# Specific 3D Printers, Scanners, & Hardware > MakerBot Forum >  Makerbot Replicator 2 cant print for some odd reason

## CADstudent

So ive been working on this printer for over a year and ive ran into yet another problem and this one i cant quite rap my head around how to fix it. So this is what its doing is either between prints (unsuccessful prints) or during long prints the filament sort of jams itself and the temporary solution is unload and reload filament but ive noticed a pattern of what the filament is doing it sort of bloats up from heating and stops itself from going through and with in seconds the drive gear just shreds and chips the filament making it unable to go through and you can see this from the photo this problem is just constantly occurring and it leaves prints a splotchy web mess( similar of what acceleration problems would do) or just stops altogether and air prints.
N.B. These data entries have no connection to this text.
(* Let $k,m,n,l$ be positive integers with $nl+ml\le k$ and $q$ a prime power. Let $\mathbb{L}$ be the set of $l$-dimensional subspaces of $\mathbb{F}_q^k$ and let $\mathbb{X}=\{\{L_1,\dots,L_n\}\subseteq\mathbb{L}:\dim(L_1+\cdots+L_n)=nl\}$, $\mathbb{Y}=\{\{L_1,\dots,L_m\}\subseteq\mathbb{L}:\dim(L_1+\cdots+L_m)=ml\}$, $\mathbb{Z}=\{\{L_1,\dots,L_{n+m}\}\subseteq\mathbb{L}:\dim(L_1+\cdots+L_{n+m})=(n+m)l\}$. Let $B$ be the bipartite graph with left vertex set $\mathbb{X}$, right vertex set $\mathbb{Y}$, and $X$ adjacent to $Y$ iff $X\cup Y\in\mathbb{Z}$. Put $P=\prod_{i=0}^{l-1}\binom{l-i}{1}_q$, $y_1=\prod_{i=0}^{n-1}\binom{(n-i)l}{l}$, $y_2=\prod_{i=0}^{m-1}\binom{(m-i)l}{l}$. Then $$|\mathbb{X}|=\frac{(l!)^n q^{\frac{n(n-1)l^2}{2}}}{(nl)!\,n!}\cdot\frac{\prod_{i=0}^{nl-1}\binom{k-i}{1}_q}{P^n}\,y_1,\qquad |\mathbb{Y}|=\frac{(l!)^m q^{\frac{m(m-1)l^2}{2}}}{(ml)!\,m!}\cdot\frac{\prod_{i=0}^{ml-1}\binom{k-i}{1}_q}{P^m}\,y_2,$$ and every $X\in\mathbb{X}$ has exactly $$\frac{(l!)^m q^{ml^2\left(\frac{m-1}{2}+n\right)}}{(ml)!\,m!}\cdot\frac{\prod_{i=0}^{ml-1}\binom{k-nl-i}{1}_q}{P^m}\,y_2$$ neighbours in $B$.
   Context: $\binom{a}{1}_q=\frac{q^a-1}{q-1}$; $\binom{(n-i)l}{l}$ etc. are ordinary binomial coefficients. *)

From HB Require Import structures.
From mathcomp Require Import all_boot all_order all_algebra all_field.
Set Implicit Arguments. Unset Strict Implicit. Unset Printing Implicit Defensive.
Import Order.TTheory GRing.Theory Num.Theory.

Import VectorInternalTheory.
HB.instance Definition _ (F : finFieldType) (k : nat) :=
  [Finite of {vspace 'rV[F]_k} by <:].

Local Open Scope ring_scope.

(* Gaussian binomial [a choose 1]_q = (q^a - 1)/(q - 1), as a rational. *)
Definition qbin1 (q a : nat) : rat := ((q ^ a)%N%:R - 1) / ((q%:R : rat) - 1).

Section Config.
Variables (F : finFieldType) (k l : nat).

Definition Lsub : {set {vspace 'rV[F]_k}} := [set L | \dim L == l].

Definition indep_family (n : nat) : {set {set {vspace 'rV[F]_k}}} :=
  [set X : {set {vspace 'rV[F]_k}} |
     [&& X \subset Lsub, #|X| == n & \dim (\sum_(L in X) L)%VS == (n * l)%N]].

Definition Bneighbours (n m : nat) (X : {set {vspace 'rV[F]_k}}) :
    {set {set {vspace 'rV[F]_k}}} :=
  [set Y in indep_family m | X :|: Y \in indep_family (n + m)].
End Config.

From HB Require Import structures.
From mathcomp Require Import all_boot all_order all_algebra all_field.
From mathcomp Require Import zify ring.
Import Order.TTheory GRing.Theory Num.Theory.
Set Implicit Arguments. Unset Strict Implicit. Unset Printing Implicit Defensive.

(* Choosing L_1, ..., L_j one after the other, a subspace L independent of the
   current span W (dim W = d) is the span of an l-tuple of vectors independent
   over W; there are (q^k - q^d) ... (q^k - q^(d+l-1)) such tuples, and each L
   arises from exactly its (q^l - 1) ... (q^l - q^(l-1)) ordered bases. Forgetting
   the order of the j subspaces divides by j!. A family Y is a neighbour of X
   exactly when it is independent over the span of X, which has dimension nl, so
   the neighbour count is the same count started at d = nl. The closed forms
   follow from q^a - q^b = q^b (q - 1) [a - b]_q and (jl)! = y_j (l!)^j. *)

Lemma card_tuple_cons (T : finType) r (P : pred (r.+1.-tuple T)) :
  #|[set t | P t]| = \sum_(v : T) #|[set t : r.-tuple T | P [tuple of v :: t]]|.
Proof.
rewrite -sum1_card (partition_big (fun t : r.+1.-tuple T => thead t) predT) //=.
apply: eq_bigr => v _; rewrite -sum1_card.
rewrite (reindex_onto (fun t : r.-tuple T => [tuple of v :: t])
   (fun t : r.+1.-tuple T => [tuple of behead t])) /=.
  apply: eq_bigl => t; rewrite !inE theadE eqxx andbT.
  by case: (P _) => //=; apply/eqP/val_inj.
move=> t /andP[_ /eqP <-]; apply/val_inj => /=.
by case: t => [[|x s] //=].
Qed.

Section IndependentVectors.
Variables (F : finFieldType) (k : nat).
Local Notation vT := 'rV[F]_k.
Local Notation q := #|F|.

Lemma dimv_add_le (U V : {vspace vT}) : (\dim (U + V) <= \dim U + \dim V)%N.
Proof. exact: dimv_add_leqif. Qed.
I had a forum before on this issue but we concluded it was coding issue which now i notice it most definitely is not. Any help/input would be appreciated. ---DOWN WITH MAKERBOT!

----------


## Feliks87

I had a similar problem with my Replicator 2X...

the reason the feeding failed was the fact that my spools couldn't "roll" smooth enough to give enough filament to the extruder and the feeding motor shredded the filament while trying to pull it off the spool
that was because I use 1kg spools which are too large for the backside mounted filament holders which resulted in unsmooth "rolling"
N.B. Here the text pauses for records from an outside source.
Definition fg_one := fgw [::].
Definition fg_mul (x y : free_group) := fgw (val x ++ val y).
Definition fg_inv (x : free_group) := fgw (finv (val x)).

Lemma fgw_cat u v : fgw (u ++ v) = fg_mul (fgw u) (fgw v).
Proof. by apply: val_inj; rewrite /= reduce_catl reduce_catr. Qed.

Lemma fg_mulA : associative fg_mul.
Proof. by move=> x y z; rewrite -[x]fgw_val -[y]fgw_val -[z]fgw_val -!fgw_cat catA. Qed.

Lemma fg_mul1 : left_id fg_one fg_mul.
Proof. by move=> x; rewrite -[x]fgw_val -fgw_cat. Qed.

Lemma fg_mulg1 : right_id fg_one fg_mul.
Proof. by move=> x; rewrite -[x]fgw_val -fgw_cat cats0. Qed.

Lemma fg_mulV : left_inverse fg_one fg_inv fg_mul.
Proof. by move=> x; apply: val_inj; rewrite /= reduce_catl reduce_finvl. Qed.

Lemma fg_mulgV : right_inverse fg_one fg_inv fg_mul.
Proof. by move=> x; apply: val_inj; rewrite /= reduce_catr reduce_finvr. Qed.

HB.instance Definition _ :=
  isGroup.Build free_group fg_mulA fg_mul1 fg_mulg1 fg_mulV fg_mulgV.

Lemma fgwM u v : fgw (u ++ v) = fgw u * fgw v.
Proof. exact: fgw_cat. Qed.

Lemma fgwV u : fgw (finv u) = (fgw u)^-1.
Proof.
by apply: (mulIg (fgw u)); rewrite mulVg -fgwM; apply: val_inj; rewrite /= reduce_finvl.
Qed.

Lemma fgw_fprod (s : seq (word X)) : fgw (fprod s) = \prod_(u <- s) fgw u.
Proof.
rewrite fgw_reduce; elim: s => [|u s IH]; first by rewrite big_nil.
by rewrite big_cons /= fgwM IH.
Qed.

End FreeGroup.

Section Evaluation.
Variables (X : eqType) (G : groupType) (g : X -> G).
Implicit Types (u w : word X).

Definition eval_word w : G := \prod_(l <- w) (if l.2 then (g l.1)^-1 else g l.1).

Lemma eval_word_cat u w : eval_word (u ++ w) = eval_word u * eval_word w.
Proof. exact: big_cat. Qed.

Lemma eval_word_reduce w : eval_word (reduce w) = eval_word w.
Proof.
rewrite /eval_word; elim: w => //= l w IH; rewrite big_cons -IH.
case: (reduce w) => [|l' u] /=; first by rewrite big_cons.
case: eqP => [->|_]; last by rewrite big_cons.
by rewrite big_cons mulgA; case: l => x [] /=; rewrite ?mulVg ?mulgV mul1g.
Qed.

End Evaluation.

Section Lift.
Variables (X : choiceType) (G : groupType) (g : X -> G).

Definition fg_lift (x : free_group X) : G := eval_word g (val x).

Lemma fg_lift_fgw w : fg_lift (fgw w) = eval_word g w.
Proof. exact: eval_word_reduce. Qed.

Lemma fg_liftM : {morph fg_lift : x y / x * y}.
Proof. by move=> x y; rewrite /fg_lift /= eval_word_reduce eval_word_cat. Qed.

Lemma fg_lift1 : fg_lift 1 = 1.
Proof. exact: big_nil. Qed.

Lemma fg_lift_fgen x : fg_lift (fgw (fgen x)) = g x.
Proof. by rewrite fg_lift_fgw /eval_word big_seq1. Qed.

End Lift.

Lemma fgw_eval (X : choiceType) (w : word X) :
  fgw w = eval_word (fun x => fgw (fgen x)) w.
Proof.
elim: w => [|l w IH]; first by rewrite /eval_word big_nil.
rewrite -cat1s fgwM IH /eval_word big_cons; congr (_ * _).
by case: l => x [] //; rewrite -fgwV.
Qed.

Lemma feval_lift (X : eqType) (Y : choiceType) (f : X -> word Y) (v : word X) :
  feval f v = val (eval_word (fun x => fgw (f x)) v).
Proof.
rewrite /feval -[fprod _]reduce_idem -[reduce (fprod _)]/(val (fgw _)) fgw_fprod.
by rewrite big_map; congr val; apply: eq_bigr => -[x []] _; rewrite ?fgwV.
Qed.

Section NormalClosure.
Variables (G : groupType) (r : G).

Definition in_ncl (x : G) := exists s : seq (G * bool),
  x = \prod_(p <- s) (p.1 * (if p.2 then r^-1 else r) * p.1^-1).

Lemma in_ncl1 : in_ncl 1.
Proof. by exists [::]; rewrite big_nil. Qed.

Lemma in_nclM x y : in_ncl x -> in_ncl y -> in_ncl (x * y).
Proof. by move=> [s ->] [t ->]; exists (s ++ t); rewrite big_cat. Qed.

Lemma in_nclV x : in_ncl x -> in_ncl x^-1.
Proof.
move=> [s ->]; exists (rev [seq (p.1, ~~ p.2) | p <- s]).
rewrite -{1}(revK s) -prodgV -map_rev big_map; apply: eq_bigr => -[y []] _ /=; gsimpl.
Qed.

Lemma in_nclJ y x : in_ncl x -> in_ncl (y * x * y^-1).
Proof.
move=> [s ->]; exists [seq (y * p.1, p.2) | p <- s].
rewrite big_map; elim: s => [|p s IH]; first by rewrite !big_nil; gsimpl.
by rewrite !big_cons /= -IH; gsimpl.
Qed.

Lemma in_ncl_kernel (H : groupType) (f : G -> H) :
  {morph f : x y / x * y} -> f r = 1 -> forall x, in_ncl x -> f x = 1.
Proof.
move=> fM fr x [s ->].
have f1 : f 1 = 1 by apply: (mulgI (f 1)); rewrite -fM !mulg1.
have fV y : f y^-1 = (f y)^-1 by apply: (mulgI (f y)); rewrite -fM !mulgV.
rewrite (big_morph f fM f1) big1 // => -[y b] _.
by rewrite !fM fV; case: b; rewrite ?fV fr; gsimpl.
Qed.

Definition eqmod x y := in_ncl (x * y^-1).

Lemma eqmod_refl x : eqmod x x.
Proof. by rewrite /eqmod mulgV; apply: in_ncl1. Qed.

Lemma eqmod_sym x y : eqmod x y -> eqmod y x.
Proof. by move=> /in_nclV; rewrite /eqmod invgM invgK. Qed.

Lemma eqmod_trans x y z : eqmod x y -> eqmod y z -> eqmod x z.
Proof. by move=> Hxy /(in_nclM Hxy); rewrite /eqmod mulgA mulgVK. Qed.

Lemma eqmodM x x' y y' : eqmod x x' -> eqmod y y' -> eqmod (x * y) (x' * y').
Proof.
move=> Hx /(in_nclJ x) Hy; have := in_nclM Hy Hx.
by rewrite /eqmod invgM !mulgA mulgVK.
Qed.

Lemma eqmod_prod (I : Type) (s : seq I) (F F' : I -> G) :
  (forall i, eqmod (F i) (F' i)) ->
  eqmod (\prod_(i <- s) F i) (\prod_(i <- s) F' i).
Proof.
move=> eqF; elim: s => [|i s IH]; first by rewrite !big_nil; apply: eqmod_refl.
by rewrite !big_cons; apply: eqmodM.
Qed.

Lemma eqmodV x y : eqmod x y -> eqmod x^-1 y^-1.
Proof. by move=> /in_nclV /(in_nclJ x^-1); rewrite /eqmod; gsimpl. Qed.

Lemma eqmod_relator x y : eqmod (x * r * y) (x * y).
Proof.
have := in_nclJ x (_ : in_ncl r); rewrite /eqmod; gsimpl.
by apply; exists [:: (1, false)]; rewrite big_seq1 /=; gsimpl.
Qed.

End NormalClosure.

Lemma in_normal_closureP (X : choiceType) (r v : word X) : reduced v ->
  in_normal_closure r v <-> in_ncl (fgw r) (fgw v).
Proof.
move=> Hv; split=> [[s ->] | [s Hs]].
  exists [seq (fgw p.1, p.2) | p <- s]; rewrite fgw_fprod !big_map.
  apply: eq_bigr => p _; rewrite fgw_fprod !big_cons big_nil fgwV mulg1 mulgA.
  by case: p.2; rewrite ?fgwV.
exists [seq (val p.1, p.2) | p <- s].
rewrite -Hv -[reduce v]/(val (fgw v)) -[fprod _]reduce_idem.
rewrite -[reduce (fprod _)]/(val (fgw (fprod _))) Hs fgw_fprod !big_map.
congr val; apply: eq_bigr => p _ /=.
rewrite fgw_fprod !big_cons big_nil fgwV fgw_val mulg1 mulgA.
by case: p.2; rewrite ?fgwV.
Qed.

Section CommutatorProducts.
Variable G : groupType.
Implicit Types x y : G.

Definition comm x y := x * y * x^-1 * y^-1.

Lemma prod_conj_comm_powr z x y m :
  \prod_(k < m) (z * (y ^+ k * comm x y * y ^- k) * z^-1) = z * comm x (y ^+ m) * z^-1.
Proof.
elim: m => [|m IH]; first by rewrite big_ord0 /comm; gsimpl.
by rewrite big_ord_recr /= IH /comm expgSr; gsimpl.
Qed.

Lemma prod_conj_comm_powl x y m :
  \prod_(k < m) (x ^+ (m.-1 - k) * comm x y * x ^- (m.-1 - k)) = comm (x ^+ m) y.
Proof.
elim: m => [|m IH]; first by rewrite big_ord0 /comm; gsimpl.
rewrite big_ord_recl subn0.
have shift (k : 'I_m) : (m.+1.-1 - lift ord0 k = m.-1 - k)%N by rewrite /= /bump; lia.
under eq_bigr => k _ do rewrite shift.
by rewrite IH /comm expgSr; gsimpl.
Qed.

End CommutatorProducts.

Section Presentation.
Variable n : nat.
Local Notation N := n.+1.
Local Notation P := (PGen N).
Local Notation Ag := (fgw gA).
Local Notation Bg := (fgw gB).

Definition gen (y : P) : free_group P := fgw (fgen y).
Local Notation ga := (gen (inl false)).
Local Notation gb := (gen (inl true)).
Definition gT (i j : nat) := gen (inr (inord i, inord j)).
Definition Trow (i m : nat) := \prod_(k < m) gT i k.
Definition Tblock (m : nat) := \prod_(k < m) Trow (m.-1 - k) N.
Local Notation rel := (fgw (prel N)).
there is also the problem of heat... due to the hood of the Rep2X a lot of the hot air vents to the backside and onto the spools which preheats the filament a lot during longer prints making it weak and stretchy.. another reason why I moved the spools from the backside to a place somewhere else to prevent the filament from preheating (see here)
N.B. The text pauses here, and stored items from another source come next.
(* Let $\{B^i\}_{i=1}^N$ and $\{\tilde B^i\}_{i=1}^N$ be tuples of complex $n\times n$ matrices such that $\sum_iB^iB^{i\dagger}=\sum_i\tilde B^i\tilde B^{i\dagger}=1_n$ and such that for some $l\in\mathbb N$ each of the four sets $\{B^{i_1}\cdots B^{i_l}:\sum_k|i_k|\equiv0\}$, $\{B^{i_1}\cdots B^{i_l}:\sum_k|i_k|\equiv1\}$, $\{\tilde B^{i_1}\cdots\tilde B^{i_l}:\sum_k|i_k|\equiv0\}$, $\{\tilde B^{i_1}\cdots\tilde B^{i_l}:\sum_k|i_k|\equiv1\}$ (congruences mod 2) spans $\mathrm M_n(\mathbb C)$. Suppose that either (a) for every $L\in\mathbb N$ there is $\alpha_L\in\mathbb R$ with $\mathrm{tr}[B^{i_1}\cdots B^{i_L}]=e^{i\alpha_L}\mathrm{tr}[\tilde B^{i_1}\cdots\tilde B^{i_L}]$ for all $(i_1,\dots,i_L)$ with $\sum_k|i_k|$ even, or (b) for every $L\in\mathbb N$ there is $\alpha_L\in\mathbb R$ with the same equality for all $(i_1,\dots,i_L)$ with $\sum_k|i_k|$ odd. Then there exist $e^{i\beta}\in\mathrm U(1)$, $v\in\mathrm U(n)$ and $\eta\in\{\pm1\}$ such that $\tilde B^i=e^{i\beta}\eta^{|i|}v^\dagger B^iv$ for all $i$. Moreover $e^{i\beta}$ and $\eta$ are unique, and $v$ is unique up to a $\mathrm U(1)$ phase.
   Context: $N,n\ge1$ are integers and $i\mapsto|i|\in\{0,1\}$ is a fixed parity function on $\{1,\dots,N\}$. (Conditions (a) and (b) are exactly the statements that the fMPSs $\{\sigma_x^{|i|}\otimes B^i\}$ and $\{\sigma_x^{|i|}\otimes\tilde B^i\}$ are gauge equivalent in anti-periodic, resp. periodic, boundary conditions.) *)

From HB Require Import structures.
From mathcomp Require Import all_boot all_order all_algebra.
From mathcomp Require Import spectral sesquilinear.
From mathcomp Require Import complex.
From mathcomp Require Import reals.
Set Implicit Arguments. Unset Strict Implicit. Unset Printing Implicit Defensive.
Import Order.TTheory GRing.Theory Num.Theory.
Local Open Scope ring_scope.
I also printed without the hood and it still gets quit hot on the backside so mayber you have a similar problem

----------


## Mouser

What brand of filament are you using ? Makerbot or some of the cheap chinese stuff ?  Does it act this way regardless of what type/brand filament you run through it ?

----------


## CADstudent

The Filament we use is from Gizmo Dorks, Prototype Supply, Makerbot, Deltamaker, its all PLA and are filament is off to the side so no preheat action is happening and it seems to roll fine and it all seems to be action the same but still it makes no sense cause as you see in the picture how the end bloats up, the heat block should melt it down but instead kinda just melts a tiny bit leaving that thread like end

----------


## Feliks87

you won't believe what happened to me today

after printing for almost 10h yesterday I returned to my Rep2X today with a new job and it messed it all up
it must have somehow clogged over night because it wasn't able to feed the filament correctly

after several tries of load/unloading the filament I decided to clean the whole extruder head
guess what I found, this looks a lot like your filament (it's ABS btw from NuNus)
clearly visable "bite marks" from the stepper motor on the filament


I then disassembled the feeding mechanism and it was all crammed with filament debris from the unsuccessful feeding tries
but after cleaning up this mess it still couldn't feed the filament (because of the clogging I guess?)


the problem here is obvious right? bad filament
wrong... I loaded the very same filament into my left extruder head and printed right away without any problems (for several hours now)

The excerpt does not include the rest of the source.